WRND (94.3 FM, "Rewind 94.3") is a commercial radio station licensed to Oak Grove, Kentucky, United States, and serving the Clarksville, Tennessee and Fort Campbell, Kentucky areas. WRND and its sister stations are known as the "Five Star Radio Group" and is owned by Saga Communications.

==History==
The station had its beginning in 1965, licensed to Springfield, Tennessee as WDBL-FM. According to FCC records, the station changed calls on November 4, 2002, to WJOI-FM and then changed calls again on March 13, 2004, to WEGI. Saga Communications assumed ownership and control of the station on July 3, 2003, from Tuned In Broadcasting, Inc.

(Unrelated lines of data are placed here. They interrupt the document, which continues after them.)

(* Let $u\equiv 7,11\pmod{12}$. Then $\Phi(u\times 2,4,2)\le\left\lfloor\frac{u}{4}\left\lfloor\frac{2u-1}{3}\left\lfloor\frac{2u-2}{2}\right\rfloor\right\rfloor\right\rfloor-1$.
   Context: A 2-D $(u\times v,4,2)$-OOC is a family $\mathcal C$ of $u\times v$ $(0,1)$-matrices of Hamming weight $4$ such that for all $A=(a_{ij}),B=(b_{ij})\in\mathcal C$ and integers $r$ with $A\ne B$ or $r\not\equiv0\pmod v$, $\sum_{i,j}a_{ij}b_{i,j+r}\le 2$ (column indices mod $v$). $\Phi(u\times v,4,2)$ is the largest size of such a code. *)

From mathcomp Require Import all_boot all_order all_algebra.
Set Implicit Arguments. Unset Strict Implicit. Unset Printing Implicit Defensive.

Definition cshift (v : nat) (j r : 'I_v) : 'I_v :=
  Ordinal (ltn_pmod (j + r) (leq_ltn_trans (leq0n j) (ltn_ord j))).

Definition mweight (u v : nat) (A : 'M[bool]_(u, v)) : nat :=
  \sum_(i < u) \sum_(j < v) (A i j : nat).

Definition mcorr (u v : nat) (A B : 'M[bool]_(u, v)) (r : 'I_v) : nat :=
  \sum_(i < u) \sum_(j < v) ((A i j && B i (cshift j r)) : nat).

Definition is_OOC (u v w lam : nat) (C : {set 'M[bool]_(u, v)}) : bool :=
  [forall A in C, mweight A == w] &&
  [forall A in C, forall B in C, forall r : 'I_v,
     ((A != B) || (nat_of_ord r != 0%N)) ==> (mcorr A B r <= lam)].

Definition Phi (u v w lam : nat) : nat :=
  \max_(C : {set 'M[bool]_(u, v)} | is_OOC w lam C) #|C|.

From mathcomp Require Import all_boot all_order all_algebra zify ring.
Set Implicit Arguments. Unset Strict Implicit. Unset Printing Implicit Defensive.

(* Each codeword A of a (u x 2, 4, 2)-OOC C gives two 4-subsets of the
   2u cells: its support and the support of its cyclic column shift.  The OOC
   conditions say exactly that any two of these 2|C| blocks meet in at most two
   cells, so every 3-subset of cells lies in at most one block.  Double
   counting the 3-subsets containing a fixed set Q of at most three cells gives
   the packing identity
       C(2u - |Q|, 3 - |Q|) = #holes(Q) + C(4 - |Q|, 3 - |Q|) * #blocks(Q),
   where a hole is a 3-subset covered by no block.  For Q empty it reads
   C(2u, 3) = #holes + 8|C|; for u = 7, 11 (mod 12) we have C(2u, 3) = 4q with
   q odd, so #holes = 4 (mod 8) and the bound follows once #holes = 4 is
   excluded.  With exactly four holes, Q a single cell shows every cell lies in
   0 or 3 holes, so the holes are the four triples of a 4-set S; S is closed
   under the column flip (the holes are), and Q = {p, flip p} with p in S then
   forces 4 | 2, a contradiction. *)

Lemma card_setE (T : finType) (D : {set T}) (Pr : pred T) :
  #|[set x in D | Pr x]| = \sum_(x in D) Pr x.
Proof.
rewrite -sum1_card (eq_bigl (fun x => (x \in D) && Pr x)) => [|x]; last by rewrite inE.
by rewrite big_mkcondr; apply: eq_bigr => x _; case: (Pr x).
Qed.

Lemma sum_mem (T : finType) (X : {set T}) : \sum_p (p \in X : nat) = #|X|.
Proof. by rewrite -sum1_card [RHS]big_mkcond; apply: eq_bigr => p _; case: (p \in X). Qed.

Definition supsets (T : finType) (Q B : {set T}) (n : nat) : {set {set T}} :=
  [set X : {set T} | [&& Q \subset X, X \subset B & #|X| == n]].

(* Choosing the n-subsets of B through Q amounts to choosing their n - |Q|
   points outside Q. *)
Lemma card_supsets (T : finType) (Q B : {set T}) (n : nat) : #|Q| <= n ->
  #|supsets Q B n| = (Q \subset B) * 'C(#|B :\: Q|, n - #|Q|).
Proof.
move=> leQn; have [QB|nQB] := boolP (Q \subset B); last first.
  rewrite mul0n; apply/eqP; rewrite cards_eq0; apply/eqP/setP => X; rewrite !inE.
  by apply/negbTE; apply: contra nQB => /and3P[QX XB _]; apply: subset_trans XB.
rewrite mul1n -cards_draws.
have -> : supsets Q B n =
    (fun Y => Y :|: Q) @: [set Y : {set T} | Y \subset B :\: Q & #|Y| == n - #|Q|].
  apply/setP => X; rewrite inE; apply/idP/imsetP => [/and3P[QX XB /eqP cX]|[Y]].
    exists (X :\: Q); first by rewrite inE setSD //= cardsD (setIidPr QX) cX.
    by rewrite -{1}(setID X Q) (setIidPr QX) setUC.
  rewrite inE subsetD => /andP[/andP[YB disjYQ] /eqP cY] ->.
  rewrite subsetUr subUset YB QB cardsU.
  move: disjYQ; rewrite -setI_eq0 => /eqP ->.
  by rewrite cards0 cY subn0 (subnK leQn) eqxx.
rewrite card_in_imset // => Y1 Y2; rewrite !inE subsetD => /andP[/andP[_ d1] _].
rewrite subsetD => /andP[/andP[_ d2] _] E.
have drop_Q (Y : {set T}) : [disjoint Y & Q] -> (Y :|: Q) :\: Q = Y.
  by move=> /setDidPl dYQ; rewrite setDUl setDv setU0 dYQ.
by rewrite -(drop_Q Y1 d1) E drop_Q.
Qed.

Lemma supsets_through (T : finType) (Q B : {set T}) (n : nat) :
  [set X in supsets set0 B n | Q \subset X] = supsets Q B n.
Proof. by apply/setP => X; rewrite !inE sub0set andbC. Qed.

Section Packing.
Variables (T I : finType) (k t : nat) (D : {set I}) (blk : I -> {set T}).
Hypothesis blk_card : {in D, forall i, #|blk i| = k}.
Hypothesis blk_meet : {in D &, forall i j, i != j -> #|blk i :&: blk j| < t}.

Definition covers (X : {set T}) : {set I} := [set i in D | X \subset blk i].

Definition holes (Q : {set T}) : {set {set T}} :=
  [set X in supsets Q [set: T] t | covers X == set0].

Lemma covers_le1 (X : {set T}) : #|X| = t -> #|covers X| <= 1.
Proof.
move=> cX; apply/card_le1_eqP => i j; rewrite !inE => /andP[iD Xi] /andP[jD Xj].
apply/eqP/negPn/negP; rewrite eq_sym => /(blk_meet iD jD).
by rewrite ltnNge -cX subset_leq_card // subsetI Xi Xj.
Qed.

Lemma blocks_through (Q : {set T}) (i : I) : #|Q| <= t -> i \in D ->
  #|[set X in supsets Q [set: T] t | X \subset blk i]|
    = (Q \subset blk i) * 'C(k - #|Q|, t - #|Q|).
Proof.
move=> leQt iD; have -> : [set X in supsets Q [set: T] t | X \subset blk i]
    = supsets Q (blk i) t.
  apply/setP => X; rewrite !inE subsetT.
  by case: (Q \subset X) (X \subset blk i) (#|X| == t) => [] [] [].
rewrite card_supsets // -(blk_card iD).
by case: (boolP (Q \subset blk i)) => // Qi; rewrite cardsD (setIidPr Qi).
Qed.

(* The packing identity: each t-set through Q is either a hole or lies in
   exactly one block through Q. *)
Lemma packing_count (Q : {set T}) : #|Q| <= t ->
  'C(#|T| - #|Q|, t - #|Q|) = #|holes Q| + 'C(k - #|Q|, t - #|Q|) * #|covers Q|.
Proof.
move=> leQt; have cT : #|T| - #|Q| = #|[set: T] :\: Q| by rewrite cardsD setTI cardsT.
have := card_supsets [set: T] leQt; rewrite subsetT mul1n -cT => <-.
rewrite -sum1_card.
rewrite (eq_bigr (fun X => (covers X == set0) + #|covers X|)) => [|X]; last first.
  rewrite inE => /and3P[_ _ /eqP /covers_le1].
  by rewrite -cards_eq0; case: #|covers X| => [|[]].
rewrite big_split /= -card_setE; congr (_ + _).
rewrite (eq_bigr (fun X : {set T} => \sum_(i in D) (X \subset blk i : nat))) => [|X _]; last first.
  by rewrite -card_setE.
rewrite exchange_big /= card_setE big_distrr /=; apply: eq_bigr => i iD.
by rewrite -card_setE blocks_through // mulnC.
Qed.

Lemma covers0 : covers set0 = D.
Proof. by apply/setP => i; rewrite inE sub0set andbT. Qed.

Lemma holesE (Q : {set T}) : holes Q = [set X in holes set0 | Q \subset X].
Proof.
apply/setP => X; rewrite !inE sub0set.
by case: (Q \subset X) (X \subset [set: T]) (#|X| == t) (covers X == set0) => [] [] [] [].
Qed.
End Packing.

(* Four triples in which every point has degree divisible by 3 are all the
   triples of a 4-set: degrees are 0 or 3, and they sum to 3 * 4. *)
Lemma four_triples (T : finType) (H : {set {set T}}) :
  {in H, forall X : {set T}, #|X| = 3} -> #|H| = 4 ->
  (forall p, 3 %| #|[set X in H | p \in X]|) ->
  exists2 S : {set T}, #|S| = 4 & H = supsets set0 S 3.
Proof.
move=> H3 cH deg3; pose deg p := #|[set X in H | p \in X]|.
pose S := [set p | 0 < deg p].
have degE p : deg p = 3 * (p \in S).
  have : deg p <= 4.
    by rewrite -cH subset_leq_card //; apply/subsetP => X; rewrite inE => /andP[].
  by move: (deg3 p); rewrite inE /deg; case: #|_| => [|[|[|[|[]]]]].
have sum_deg : \sum_p deg p = 3 * #|H|.
  rewrite (eq_bigr _ (fun p _ => card_setE H (fun X => p \in X))) exchange_big /=.
  by rewrite (eq_bigr _ (fun X XH => etrans (sum_mem X) (H3 X XH))) sum_nat_const mulnC.
have cS : #|S| = 4.
  apply/eqP; rewrite -(eqn_pmul2l (isT : 0 < 3)) -cH -sum_deg -sum_mem big_distrr /=.
  by apply/eqP/eq_bigr => p _; rewrite degE.
exists S => //; apply/eqP; rewrite eqEcard card_supsets ?cards0 //.
rewrite sub0set setD0 cS cH leqnn andbT; apply/subsetP => X XH.
rewrite inE sub0set H3 // eqxx andbT; apply/subsetP => p pX.
by rewrite inE card_gt0; apply/set0Pn; exists X; rewrite inE XH.
Qed.

(* A u x v (0,1)-matrix as the set of cells carrying a 1; the correlation
   with cyclic shift r is the size of an intersection of such sets. *)
Section Support.
Variables u v : nat.

Definition supp (A : 'M[bool]_(u, v)) : {set 'I_u * 'I_v} := [set p | A p.1 p.2].

Definition shift (r : 'I_v) (p : 'I_u * 'I_v) : 'I_u * 'I_v := (p.1, cshift p.2 r).

Lemma sum_cells (f : 'I_u -> 'I_v -> bool) :
  \sum_(i < u) \sum_(j < v) (f i j : nat) = #|[set p : 'I_u * 'I_v | f p.1 p.2]|.
Proof. by rewrite pair_big /= -sum_mem; apply: eq_bigr => p _; rewrite inE. Qed.

Lemma mweight_supp (A : 'M[bool]_(u, v)) : mweight A = #|supp A|.
Proof. by rewrite /mweight sum_cells. Qed.

Lemma mcorr_supp (A B : 'M[bool]_(u, v)) (r : 'I_v) :
  mcorr A B r = #|supp A :&: shift r @^-1: supp B|.
Proof. by rewrite /mcorr sum_cells; apply: eq_card => p; rewrite !inE. Qed.

Lemma OOC_supp_card (w lam : nat) (C : {set 'M[bool]_(u, v)}) (A : 'M[bool]_(u, v)) :
  is_OOC w lam C -> A \in C -> #|supp A| = w.
Proof. by case/andP => /forall_inP wC _ /wC /eqP; rewrite mweight_supp. Qed.

Lemma OOC_supp_meet (w lam : nat) (C : {set 'M[bool]_(u, v)}) (A B : 'M[bool]_(u, v)) (r : 'I_v) :
  is_OOC w lam C -> A \in C -> B \in C -> (A != B) || (r != 0 :> nat) ->
  #|supp A :&: shift r @^-1: supp B| <= lam.
Proof.
case/andP => _ /forall_inP corrC hA hB nontriv.
by have /forall_inP/(_ B hB)/forallP/(_ r)/implyP := corrC A hA; rewrite mcorr_supp; apply.
Qed.
End Support.

(* Two columns: the only nontrivial shift is the column flip, and a codeword A
   gives the blocks (A, false) = its support and (A, true) = the flipped one. *)
Section TwoColumns.
Variable u : nat.
Local Notation cell := ('I_u * 'I_2)%type.

Definition flip : cell -> cell := shift (ord_max : 'I_2).

Lemma preim_shift0 (X : {set cell}) : shift (ord0 : 'I_2) @^-1: X = X.
Proof.
apply/setP => -[i j]; rewrite inE; congr (_ \in X); congr (_, _).
by apply: val_inj; rewrite /= addn0 modn_small.
Qed.

Lemma flipK : involutive flip.
Proof. by case=> i [[|[|//]] ?]; congr (_, _); apply: val_inj. Qed.

Lemma flip_neq (p : cell) : flip p != p.
Proof. by case: p => i [[|[|//]] ?]; rewrite /flip /shift xpair_eqE eqxx. Qed.

Definition block (Ab : 'M[bool]_(u, 2) * bool) : {set cell} :=
  if Ab.2 then flip @^-1: supp Ab.1 else supp Ab.1.

Lemma preim_flip_block (A : 'M[bool]_(u, 2)) (b : bool) :
  flip @^-1: block (A, b) = block (A, ~~ b).
Proof. by case: b; apply/setP => p; rewrite /block /= !inE ?flipK. Qed.

Lemma preim_flipK (X : {set cell}) : flip @^-1: (flip @^-1: X) = X.
Proof. by apply/setP => p; rewrite !inE flipK. Qed.

Lemma card_cells : #|{: cell}| = u * 2.
Proof. by rewrite card_prod !card_ord. Qed.

Section Code.
Variable C : {set 'M[bool]_(u, 2)}.
Hypothesis C_ooc : is_OOC 4 2 C.

Definition indices : {set 'M[bool]_(u, 2) * bool} := setX C [set: bool].

Lemma block_card : {in indices, forall i, #|block i| = 4}.
Proof.
move=> [A b]; rewrite inE /block /= => /andP[hA _].
by case: b; rewrite ?card_preimset ?(OOC_supp_card C_ooc hA) //; apply: inv_inj flipK.
Qed.

(* Distinct blocks share at most two cells: this is the OOC condition with
   shift 0 (two supports, or two flipped supports) or shift 1 (mixed). *)
Lemma block_meet : {in indices &, forall i j, i != j -> #|block i :&: block j| < 3}.
Proof.
have meet0 A B : A \in C -> B \in C -> A != B -> #|supp A :&: supp B| <= 2.
  move=> hA hB AB; have := OOC_supp_meet (r := ord0 : 'I_2) C_ooc hA hB.
  by rewrite AB preim_shift0; apply.
have meet1 A B : A \in C -> B \in C -> #|supp A :&: flip @^-1: supp B| <= 2.
  by move=> hA hB; apply: (OOC_supp_meet (r := ord_max : 'I_2) C_ooc hA hB); rewrite orbT.
move=> [A b] [B c]; rewrite !inE /block /= xpair_eqE => /andP[hA _] /andP[hB _].
case: b c => [] [] /=; rewrite ?andbT ?andbF // => AB.
- by rewrite -preimsetI card_preimset; [apply: meet0 | apply: inv_inj flipK].
- by rewrite setIC; apply: meet1.
- exact: meet1.
- exact: meet0.
Qed.

Local Notation covered := (covers indices block).
Local Notation holes3 := (holes 3 indices block).

Lemma covers_flip_stable (Q : {set cell}) : flip @^-1: Q = Q ->
  covered Q = setX [set A in C | Q \subset supp A] [set: bool].
Proof.
move=> flipQ; have flip_sub (Y : {set cell}) : (Q \subset flip @^-1: Y) = (Q \subset Y).
  by apply/idP/idP => sub; have := preimsetS flip sub; rewrite flipQ ?preim_flipK.
by apply/setP => -[A b]; rewrite !inE /block /=; case: b; rewrite ?flip_sub !andbT.
Qed.

(* The family of blocks is flip-stable, hence so are the holes. *)
Lemma holes_flip (X : {set cell}) : X \in holes3 set0 -> flip @^-1: X \in holes3 set0.
Proof.
rewrite !inE !sub0set !subsetT card_preimset; last exact: inv_inj flipK.
case/andP=> -> /eqP coverX; apply/eqP/setP => -[A b]; rewrite !inE /=.
apply/negbTE/andP => -[iA /subsetP Xsub].
suff : (A, ~~ b) \in covered X by rewrite coverX inE.
rewrite inE -preim_flip_block; apply/andP; split; first by move: iA; rewrite !inE.
by apply/subsetP => p pX; rewrite inE; apply: Xsub; rewrite inE flipK.
Qed.

(* Every cell lies in 0 or 3 holes, by the packing identity for Q = {p}. *)
Lemma hole_degree_div3 : 3 %| 'C(u * 2 - 1, 2) ->
  forall p : cell, 3 %| #|[set X in holes3 set0 | p \in X]|.
Proof.
move=> div3 p; have := packing_count block_card block_meet (Q := [set p]).
rewrite cards1 card_cells => /(_ isT) count.
rewrite (eq_card (B := holes3 [set p])) => [|X]; last first.
  by rewrite (holesE _ _ _ [set p]) !inE sub1set.
by move: div3; rewrite count dvdn_addl // dvdn_mulr.
Qed.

Saga Communications, Inc. had the FCC change the city of license to Oak Grove, Kentucky.

On April 15, 2009, WEGI-FM "Eagle 94.3" began simulcasting on WEGI AM 1370, one of Saga Communications, Inc.'s AM properties. They broadcast a new top of the hour FCC ID check as "WEGI-AM 1370, FORT CAMPBELL ... WEGI-FM 94.3 OAK GROVE". At this time, the call sign on 94.3 FM was changed from WEGI to WEGI-FM so that AM 1370 could change their call sign from WJQI to WEGI.

On December 26, 2013, WEGI-FM shifted their format to variety hits, branded as "Rewind 94.3". The station changed its call sign to WRND-FM on December 27, 2013, and then to the current WRND on March 5, 2018.